1Dermatology Department, 5Oncology Service and 6Pathology Department, Melanoma Unit, Hospital Clinic & IDIBAPS (Institut d’Investigacions Bio-mèdiques August Pi i Sunyer), Villarroel 170, ES-08036 Barcelona, Spain, 2Dermatology Department, Nam?k Kemal University Faculty of Medicine, Tekirdag, Turkey, 3CIBER de Enfermedades raras, Instituto de salud Carlos III, 4Universitat de Barcelona, Barcelona, Spain. E-mail: susipuig@gmail.com
Accepted Jun 15, 2016; Epub ahead of print Jun 28, 2016
Activated BRAF mutations affecting the mitogen-activated protein kinases (MAPK) pathway are present in 50% of metastatic melanomas. Targeted therapies have been developed to block such mutations (1, 2). There is a risk of other components of the MAPK signalling pathway, such as MEK, being reactivated after the use of BRAF inhibitors (3–5). Given the evidence of drug resistance and side-effects of BRAF inhibitors, combined treatments with BRAF and MEK inhibitors are being tested in clinical trials for metastatic melanoma. Trametinib is one of these MEK inhibitors. Skin toxicities from BRAF inhibitors, such as photosensitivity, palmoplantar keratoderma (PPK) and keratosis pilaris (KP), have been reported (4, 6–11). Also, non-melanoma skin cancers (NMSC) are considered one of the most significant side-effects (3, 11). We report here the profile of skin toxicities from vemurafenib, dabrafenib alone, or dabrafenib and trametinib combined treatment.
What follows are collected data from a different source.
(* Let $A$ be a commutative ring over $\mathbf F_p$ with an action of a cyclic group $\langle\sigma\rangle$ of order $p$, let $N\cdot A=\{(1+\sigma+\dots+\sigma^{p-1})a: a\in A\}$ and $\mathrm{Nm}(a)=a\,\sigma(a)\cdots\sigma^{p-1}(a)$. Let $A'\subset A^\sigma$ be a subring containing $\mathrm{Nm}(A)$ and $N\cdot A$ (so $N\cdot A$ is an ideal of $A'$). Then every ring homomorphism $\chi\colon A'\to k$ that vanishes on $N\cdot A$ extends uniquely to a ring homomorphism $\tilde\chi\colon A\to k$, and this extension is given by $\tilde\chi(a)=\chi(\mathrm{Nm}(a))^{1/p}$.
   Context: $k$ is an algebraic closure of $\mathbf F_p$ (so $p$-th roots are unique); $A^\sigma$ denotes the $\sigma$-invariants of $A$. *)

From HB Require Import structures.
From mathcomp Require Import all_boot all_order all_algebra.
Set Implicit Arguments. Unset Strict Implicit. Unset Printing Implicit Defensive.
Import GRing.Theory.
Local Open Scope ring_scope.

Definition normsum (A : comNzRingType) (s : A -> A) (p : nat) (a : A) : A :=
  \sum_(i < p) iter i s a.

Definition Nm (A : comNzRingType) (s : A -> A) (p : nat) (a : A) : A :=
  \prod_(i < p) iter i s a.

Definition algebraic_over_prime_field (k : fieldType) : Prop :=
  forall x : k, exists q : {poly k},
    q != 0 /\ (forall i, exists n : nat, q`_i = n%:R) /\ root q x.

From HB Require Import structures.
From mathcomp Require Import all_boot all_order all_algebra.
Set Implicit Arguments. Unset Strict Implicit. Unset Printing Implicit Defensive.
Import GRing.Theory.
Local Open Scope ring_scope.

(* The norm is multiplicative, and in characteristic p it is additive modulo
   traces: expanding Nm (a + b) = \prod_i (s^i a + s^i b) over the subsets X of
   Z/p, the terms with X <> set0, setT fall into free rotation orbits, and each
   orbit sums to a trace.  Hence chi \o Nm is a ring morphism A -> k, and
   composing it with the inverse of the Frobenius of k gives the extension.
   For uniqueness, the same expansion in A[X] gives
   Nm ('X + a) = 'X^p + Nm a + (a polynomial with trace coefficients); at -a the
   left side vanishes, so psi a ^+ p = psi (Nm a) for every ring morphism psi
   that kills traces. *)

Lemma natr_egcdn_pchar (R : nzSemiRingType) p k :
  p \in [pchar R] -> (0 < k)%N -> coprime k p -> ((egcdn k p).1 * k)%:R = 1 :> R.
Proof.
move=> pcharRp k_gt0 /eqP co_kp; case: egcdnP => // km kn -> _.
by rewrite co_kp natrD natrM (pcharf0 pcharRp) mulr0 add0r.
Qed.

Section IterRMorphism.
Variables (R : pzRingType) (f : {rmorphism R -> R}).

Lemma iter_rmorphD i : {morph iter i f : x y / x + y}.
Proof. by elim: i => // i IH x y /=; rewrite IH rmorphD. Qed.

Lemma iter_rmorphM i : {morph iter i f : x y / x * y}.
Proof. by elim: i => // i IH x y /=; rewrite IH rmorphM. Qed.

Lemma iter_rmorph1 i : iter i f 1 = 1.
Proof. by elim: i => //= i ->; rewrite rmorph1. Qed.

Lemma iter_rmorph_nat i m : iter i f m%:R = m%:R.
Proof. by elim: i => //= i ->; rewrite rmorph_nat. Qed.

Lemma iter_rmorph_sum i I r (P : pred I) (F : I -> R) :
  iter i f (\sum_(j <- r | P j) F j) = \sum_(j <- r | P j) iter i f (F j).
Proof. exact: (big_morph _ (iter_rmorphD i) (iter_rmorph_nat i 0)). Qed.

Lemma iter_rmorph_prod i I r (P : pred I) (F : I -> R) :
  iter i f (\prod_(j <- r | P j) F j) = \prod_(j <- r | P j) iter i f (F j).
Proof. exact: (big_morph _ (iter_rmorphM i) (iter_rmorph1 i)). Qed.

End IterRMorphism.

Section NormOfSum.
Variables (A : comNzRingType) (n : nat) (s : {rmorphism A -> A}).
Local Notation p := n.+1.
Hypotheses (s_order : forall a, iter p s a = a) (A_pchar : p \in [pchar A]).

Lemma iter_modn i a : iter i s a = iter (i %% p) s a.
Proof.
rewrite {1}(divn_eq i p) iterD; elim: (i %/ p)%N => // m IH.
by rewrite mulSn iterD s_order.
Qed.

Lemma iter_ord_add (i j : 'I_p) a : iter j s (iter i s a) = iter (i + j)%R s a.
Proof. by rewrite -iterD addnC iter_modn. Qed.

Definition rot (j : 'I_p) (X : {set 'I_p}) : {set 'I_p} := (fun i => i - j) @^-1: X.

Lemma mem_rot j X i : (i \in rot j X) = (i - j \in X).
Proof. by rewrite inE. Qed.

Lemma rotK j : cancel (rot (- j)) (rot j).
Proof. by move=> X; apply/setP => i; rewrite !mem_rot opprK subrK. Qed.

Lemma card_rot j X : #|rot j X| = #|X|.
Proof. exact/card_preimset/addIr. Qed.

Lemma sum_rot_normsum (F : {set 'I_p} -> A) :
    (forall (j : 'I_p) X, iter j s (F X) = F (rot j X)) ->
  exists y, \sum_(X : {set 'I_p} | (0 < #|X| < p)%N) F X = normsum s p y.
Proof.
(* Exactly #|X| of the p rotations of X contain 0, so weighting F X by
   [0 \in X] / #|X| (the inverse read off egcdn) recovers F X from its trace. *)
move=> F_rot; pose w (X : {set 'I_p}) := ((egcdn #|X| p).1 * (0 \in X))%:R : A.
exists (\sum_(X : {set 'I_p} | (0 < #|X| < p)%N) w X * F X).
apply/esym; rewrite /normsum.
under eq_bigr => j _.
  rewrite iter_rmorph_sum (reindex_inj (can_inj (rotK j))) /=.
  under eq_big => [X | X _].
  - by rewrite card_rot; over.
  - by rewrite iter_rmorphM iter_rmorph_nat F_rot rotK /w card_rot mem_rot sub0r opprK; over.
  over.
rewrite /= exchange_big /=; apply: eq_bigr => X /andP[X_gt0 X_ltp].
rewrite -mulr_suml -[RHS]mul1r; congr (_ * _).
under eq_bigr => j _ do rewrite natrM.
rewrite -mulr_sumr -natr_sum -natrM.
have -> : (\sum_(j < p) (j \in X))%N = #|X|.
  by rewrite -sum1_card [RHS]big_mkcond; apply: eq_bigr => j _; case: (j \in X).
apply: natr_egcdn_pchar => //.
by rewrite coprime_sym prime_coprime ?(pcharf_prime A_pchar) // gtnNdvd.
Qed.

Lemma NmM x y : Nm s p (x * y) = Nm s p x * Nm s p y.
Proof. by rewrite /Nm -big_split; apply: eq_bigr => i _; rewrite iter_rmorphM. Qed.

Lemma Nm1 : Nm s p 1 = 1.
Proof. by rewrite /Nm big1 // => i _; rewrite iter_rmorph1. Qed.

Lemma Nm_fixed x : s x = x -> Nm s p x = x ^+ p.
Proof.
move=> sx; rewrite /Nm (eq_bigr (fun _ => x)) ?prodr_const ?card_ord // => i _.
by elim: (i : nat) => //= m ->.
Qed.

Lemma card_set_ord_nontrivial (X : {set 'I_p}) :
  (0 < #|X| < p)%N = (X != setT) && (X != set0).
Proof. by rewrite card_gt0 -properT properEcard subsetT cardsT card_ord andbC. Qed.

Lemma Nm_add a b : exists y, Nm s p (a + b) = Nm s p a + Nm s p b + normsum s p y.
Proof.
pose V (X : {set 'I_p}) := \prod_(i < p) iter i s (if i \in X then a else b).
have V_rot (j : 'I_p) X : iter j s (V X) = V (rot j X).
  rewrite iter_rmorph_prod [RHS](reindex_inj (addIr j)) /=.
  by apply: eq_bigr => i _; rewrite iter_ord_add mem_rot addrK.
have [y Ey] := sum_rot_normsum V_rot; exists y.
have -> : Nm s p (a + b) = \sum_(X : {set 'I_p}) V X.
  rewrite /Nm; under eq_bigr do rewrite iter_rmorphD.
  by rewrite bigA_distr; apply: eq_bigr => X _; apply: eq_bigr => i _; case: (i \in X).
have set0_neqT : set0 != [set: 'I_p] by rewrite eq_sym -card_gt0 cardsT card_ord.
rewrite (bigD1 setT) // (bigD1 set0) //= !addrA -Ey.
congr (_ + _ + _).
- by apply: eq_bigr => i _; rewrite in_setT.
- by apply: eq_bigr => i _; rewrite in_set0.
- by apply: eq_bigl => X; rewrite card_set_ord_nontrivial andbC.
Qed.

End NormOfSum.

Section IterMapPoly.
Variables (R : nzRingType) (f : {rmorphism R -> R}).

Lemma coef_iter_map_poly i q j : (iter i (map_poly f) q)`_j = iter i f q`_j.
Proof. by elim: i => //= i <-; rewrite coef_map. Qed.

Lemma iter_map_polyX i : iter i (map_poly f) 'X = 'X.
Proof. by elim: i => //= i ->; rewrite map_polyX. Qed.

Lemma iter_map_polyC i c : iter i (map_poly f) c%:P = (iter i f c)%:P.
Proof. by elim: i => //= i ->; rewrite map_polyC. Qed.

End IterMapPoly.

Section NormPower.
Variables (A : comNzRingType) (n : nat) (s : {rmorphism A -> A}).
Local Notation p := n.+1.
Hypotheses (s_order : forall a, iter p s a = a) (A_pchar : p \in [pchar A]).

Lemma rmorph_exp_Nm (K : nzRingType) (psi : {rmorphism A -> K}) :
  (forall y, psi (normsum s p y) = 0) -> forall a, psi a ^+ p = psi (Nm s p a).
Proof.
move=> psiN a; pose sX := map_poly s : {rmorphism {poly A} -> {poly A}}.
have sX_order q : iter p sX q = q.
  by apply/polyP => j; rewrite coef_iter_map_poly s_order.
have sX_pchar : p \in [pchar {poly A}] by rewrite pchar_poly.
have [w Ew] := Nm_add sX_order sX_pchar 'X a%:P.
have NmX : Nm sX p 'X = 'X^p.
  by rewrite /Nm (eq_bigr (fun _ => 'X)) ?prodr_const ?card_ord // => i _;
    rewrite iter_map_polyX.
have NmC : Nm sX p a%:P = (Nm s p a)%:P.
  by rewrite /Nm rmorph_prod; apply: eq_bigr => i _; rewrite iter_map_polyC.
have root_Nm : (Nm sX p ('X + a%:P)).[- a] = 0.
  by rewrite /Nm horner_prod (bigD1 ord0) //= !hornerE addNr mul0r.
have psi_trace : psi (normsum sX p w).[- a] = 0.
  rewrite horner_coef rmorph_sum big1 // => i _.
  rewrite rmorphM /normsum coef_sum.
  under eq_bigr do rewrite coef_iter_map_poly.
  by rewrite -/(normsum s p _) psiN mul0r.
move: Ew => /(congr1 (fun q => psi q.[- a])).
rewrite root_Nm rmorph0 NmX NmC !hornerE rmorphD psi_trace addr0 rmorphD.
rewrite -(pFrobenius_autE A_pchar) pFrobenius_autN pFrobenius_autE rmorphN rmorphXn.
by move/eqP; rewrite eq_sym addrC subr_eq0 => /eqP.
Qed.

End NormPower.

Section NormCharacter.
Variables (A : comNzRingType) (n : nat) (s : {rmorphism A -> A}).
Local Notation p := n.+1.
Hypotheses (s_order : forall a, iter p s a = a) (A_pchar : p \in [pchar A]).
Variables (K : nzRingType) (S : {pred A}) (chi : A -> K).
Hypotheses (S_add : {in S &, forall x y, x + y \in S}).
Hypotheses (S_Nm : forall a, Nm s p a \in S) (S_N : forall a, normsum s p a \in S).
Hypotheses (chi1 : chi 1 = 1) (chi_N : forall a, chi (normsum s p a) = 0).
Hypotheses (chiD : {in S &, {morph chi : x y / x + y}}).
Hypotheses (chiM : {in S &, {morph chi : x y / x * y}}).

Lemma chi_Nm_additive : {morph chi \o Nm s p : x y / x + y}.
Proof.
move=> x y /=; have [w ->] := Nm_add s_order A_pchar x y.
by rewrite !chiD ?S_add // chi_N addr0.
Qed.

Lemma chi_Nm_zmod_morphism : zmod_morphism (chi \o Nm s p).
Proof. by move=> x y; apply/eqP; rewrite eq_sym subr_eq -chi_Nm_additive subrK. Qed.

Lemma chi_Nm_monoid_morphism : monoid_morphism (chi \o Nm s p).
Proof. by split=> [|x y] /=; rewrite ?Nm1 ?NmM ?chiM. Qed.

End NormCharacter.

Lemma exists_rmorphism (R T : pzRingType) (f : R -> T) :
  zmod_morphism f -> monoid_morphism f -> exists g : {rmorphism R -> T}, g =1 f.
Proof.
move=> fB fM.
pose g : {rmorphism R -> T} := HB.pack f (GRing.isZmodMorphism.Build R T f fB)
                                        (GRing.isMonoidMorphism.Build R T f fM).
by exists g.
Qed.

Section PthRoot.
Variables (k : closedFieldType) (p : nat) (k_pchar : p \in [pchar k]).

Lemma pchar_exp_inj : injective (fun x : k => x ^+ p).
Proof. exact: (fmorph_inj (pFrobenius_aut k_pchar)). Qed.

Lemma exists_proot (c : k) : exists x : k, x ^+ p == c.
Proof.
have p_gt0 := prime_gt0 (pcharf_prime k_pchar).
have /closed_rootP[x] : size ('X^p - c%:P) != 1%N by rewrite size_XnsubC -?lt0n.
by rewrite rootE !hornerE subr_eq0; exists x.
Qed.

Definition proot (c : k) : k := xchoose (exists_proot c).

Lemma prootK c : proot c ^+ p = c.
Proof. exact/eqP/(xchooseP (exists_proot c)). Qed.

Lemma proot_exp x : proot (x ^+ p) = x.
Proof. by apply: pchar_exp_inj; rewrite /= prootK. Qed.

Fact proot_is_zmod_morphism : zmod_morphism proot.
Proof.
move=> x y; apply: pchar_exp_inj => /=.
by rewrite -!(pFrobenius_autE k_pchar) rmorphB /= !pFrobenius_autE !prootK.
Qed.

Fact proot_is_monoid_morphism : monoid_morphism proot.
Proof.
split=> [|x y]; apply: pchar_exp_inj => /=; first by rewrite prootK expr1n.
by rewrite exprMn !prootK.
Qed.

End PthRoot.

HB.instance Definition _ (k : closedFieldType) p (k_pchar : p \in [pchar k]) :=
  GRing.isZmodMorphism.Build k k (proot k_pchar) (proot_is_zmod_morphism k_pchar).
HB.instance Definition _ (k : closedFieldType) p (k_pchar : p \in [pchar k]) :=
  GRing.isMonoidMorphism.Build k k (proot k_pchar) (proot_is_monoid_morphism k_pchar).

Theorem lemma5p16
  (p : nat) (p_prime : prime p)
  (k : closedFieldType) (k_char : p \in [pchar k])
  (k_alg : algebraic_over_prime_field k)
  (A : comNzRingType) (A_char : (p%:R : A) = 0)
  (sigma : {rmorphism A -> A}) (sigma_order : forall a : A, iter p sigma a = a)
  (S : {pred A})
  (S1 : 1 \in S)
  (SB : forall x y, x \in S -> y \in S -> x - y \in S)
  (SM : forall x y, x \in S -> y \in S -> x * y \in S)
  (S_inv : forall x, x \in S -> sigma x = x)
  (S_Nm : forall a, Nm sigma p a \in S)
  (S_N : forall a, normsum sigma p a \in S)
  (chi : A -> k)
  (chi1 : chi 1 = 1)
  (chiD : forall x y, x \in S -> y \in S -> chi (x + y) = chi x + chi y)
  (chiM : forall x y, x \in S -> y \in S -> chi (x * y) = chi x * chi y)
  (chi_N : forall a, chi (normsum sigma p a) = 0) :
  exists chit : {rmorphism A -> k},
    [/\ (forall x, x \in S -> chit x = chi x),
        (forall psi : {rmorphism A -> k},
            (forall x, x \in S -> psi x = chi x) -> forall a, psi a = chit a)
      & (forall a, chit a ^+ p = chi (Nm sigma p a))].
Proof.
case: p => [//|n] in p_prime k_char A_char sigma_order S_Nm S_N chi_N *.
have A_pchar : n.+1 \in [pchar A] by rewrite inE p_prime A_char eqxx.
have S_add : {in S &, forall x y, x + y \in S}.
  by move=> x y xS yS; rewrite -[y]opprK SB // -sub0r SB // -(subrr 1) SB.
have S_exp x m : x \in S -> x ^+ m \in S.
  by move=> xS; elim: m => [|m IH]; rewrite ?expr0 ?exprS ?SM.
have chiX x m : x \in S -> chi (x ^+ m) = chi x ^+ m.
  by move=> xS; elim: m => [|m IH]; rewrite ?expr0 ?exprS ?chiM ?S_exp ?IH.
have [g gE] := exists_rmorphism
  (chi_Nm_zmod_morphism sigma_order A_pchar S_add S_Nm S_N chi_N chiD)
  (chi_Nm_monoid_morphism S_Nm chi1 chiM).
exists (proot k_char \o g); split=> [x xS | psi psi_chi a | a] /=.
- by rewrite gE /= Nm_fixed ?S_inv // chiX // proot_exp.
- apply: (pchar_exp_inj k_char); rewrite /= prootK gE /=.
  by rewrite (rmorph_exp_Nm sigma_order A_pchar) ?psi_chi // => y; rewrite psi_chi.
- by rewrite prootK gE.
Qed.
Lemma pivot_step :
  exists k' g k, [/\ in_K' v k', in_K v k, h = k' *m g *m k & reduced (A :\ i0) g].
Proof.
exists (row_combmx d i0), h', (perm_mx tau *m col_combmx (col_combinv c j0) j0).
split=> //; first by apply: (in_K'_row_combmx dv) => //; rewrite /d eqxx mul0r.
apply: (in_K_mul dv (in_K_perm dv _)); apply: (in_K_col_combmxV dv) => //.
  by rewrite c_j0 mulf_neq0 ?invr_eq0.
by rewrite c_j0 vwa_p.
Qed.

End PivotStep.

Lemma unitmx_row_neq0 n (h : 'M[F]_n) i : h \in unitmx -> exists j, h i j != 0.
Proof.
move=> h_unit; apply/existsP; apply: contraT => /existsPn h_row0.
have /matrixP/(_ i i) := mulmxV h_unit; rewrite !mxE eqxx big1 => [/eqP|j _].
  by rewrite eq_sym oner_eq0.
by move/negPn/eqP: (h_row0 j) => ->; rewrite mul0r.
Qed.

Lemma exists_pivot A h :
  A != set0 -> reduced A h -> exists i0 j0, [/\ i0 \in A, j0 \in A & pivot h i0 j0].
Proof.
move=> /set0Pn [i iA] [h_unit h_out _].
have in_A r s : h r s != 0 -> r \in A -> s \in A.
  move=> hrs rA; apply: contraTT hrs => sA; rewrite h_out ?sA ?orbT ?eqxx //.
  by apply: contraNneq sA => <-.
have in_A' r s : h r s != 0 -> s \in A -> r \in A.
  move=> hrs sA; apply: contraTT hrs => rA; rewrite h_out ?rA ?eqxx //.
  by apply: contraNneq rA => ->.
have [j hij] := unitmx_row_neq0 i h_unit.
pose P (x : 'I_3 * 'I_3) := [&& x.1 \in A, x.2 \in A & h x.1 x.2 != 0].
(* Lexicographic in (valuation, row index), as row indices are below 3. *)
pose key (x : 'I_3 * 'I_3) := 3 * v (h x.1 x.2) + (x.1 : nat)%:Z.
have Pij : P (i, j) by rewrite /P /= iA hij (in_A i j).
have [[i0 j0] /and3P [/= i0A j0A p0] key_min] := arg_minP key Pij.
have row_key s : h i0 s != 0 -> key (i0, j0) <= key (i0, s).
  by move=> his; apply: key_min; rewrite /P /= i0A his (in_A i0 s).
have col_key r : h r j0 != 0 -> key (i0, j0) <= key (r, j0).
  by move=> hrj; apply: key_min; rewrite /P /= j0A hrj (in_A' r j0).
exists i0, j0; split=> //; split=> // [s|r|r ri0].
- have [->|his] := eqVneq (h i0 s) 0; [by left | right].
  by move: (row_key s his); rewrite /key /=; set x := v _; set y := v _; lia.
- have [->|hrj] := eqVneq (h r j0) 0; [by left | right].
  move: (col_key r hrj) (ltn_ord r); rewrite /key /=; set x := v _; set y := v _; lia.
- have [->|hrj] := eqVneq (h r j0) 0; [by left | right].
  move: (col_key r hrj) ri0; rewrite /key /=; set x := v _; set y := v _; lia.
Qed.

Lemma reduced_decomposition A h :
  reduced A h ->
  exists k' D k, [/\ in_K' v k', in_K v k, h = k' *m D *m k & reduced set0 D].
Proof.
move cardA : #|A| => n; elim: n A h cardA => [|n IHn] A h cardA hA.
  move/cards0_eq: cardA hA => -> hA; exists 1%:M, h, 1%:M.
  by split=> //; [exact: in_K'_1 | exact: (in_K'_1 dv).1 | rewrite mul1mx mulmx1].
have A_neq0 : A != set0 by rewrite -card_gt0 cardA.
have [i0 [j0 [i0A j0A [p0 prow pcol pabove]]]] := exists_pivot A_neq0 hA.
have [k'1 [g [k1 [K'1 K1 hE gA]]]] := pivot_step hA i0A j0A p0 prow pcol pabove.
have cardA' : #|A :\ i0| = n by move: (cardsD1 i0 A); rewrite cardA i0A => -[].
have [k'2 [D [k2 [K'2 K2 gE DA]]]] := IHn _ _ cardA' gA.
exists (k'1 *m k'2), D, (k2 *m k1); split=> //; [exact: in_K'_mul | exact: in_K_mul |].
by rewrite hE gE !mulmxA.
Qed.

Lemma reduced_set0 D : reduced set0 D -> exists a0 a1 a2, D = lam_mx w a0 a1 a2.
Proof.
case=> _ D_out D_diag.
have [a0 e0] := D_diag (inord 0) (negbT (in_set0 _)).
have [a1 e1] := D_diag (inord 1) (negbT (in_set0 _)).
have [a2 e2] := D_diag (inord 2) (negbT (in_set0 _)).
exists a0, a1, a2; apply/matrixP => i j; rewrite /lam_mx !mxE.
have [<-|ij] := eqVneq i j; last by rewrite mulr0n D_out ?in_set0.
rewrite mulr1n; case: i => [[|[|[|//]]] i3] /=.
- by rewrite -e0; congr (D _ _); apply: val_inj; rewrite /= inordK.
- by rewrite -e1; congr (D _ _); apply: val_inj; rewrite /= inordK.
- by rewrite -e2; congr (D _ _); apply: val_inj; rewrite /= inordK.
Qed.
A total of 59 patients (47 treated with only vemurafenib (71%) or dabrafenib (9%) and 12 with dabrafenib and trametinib in combination (20%)) were seen in the Hospital Clinic, Barcelona, Spain. All patients underwent dermatological evaluation at baseline and monthly during treatment, or whenever patients presented with a complaint. All skin toxicities, including squamous-proliferative, keratinizing, inflammatory, follicular/adnexal disorders, were evaluated clinically and/or histopatho-logically. Any patients presenting new melanocytic tumours or changes in their pre-existing naevi were excluded from the current study. The study was approved by the ethics committee and patients gave their written informed consent.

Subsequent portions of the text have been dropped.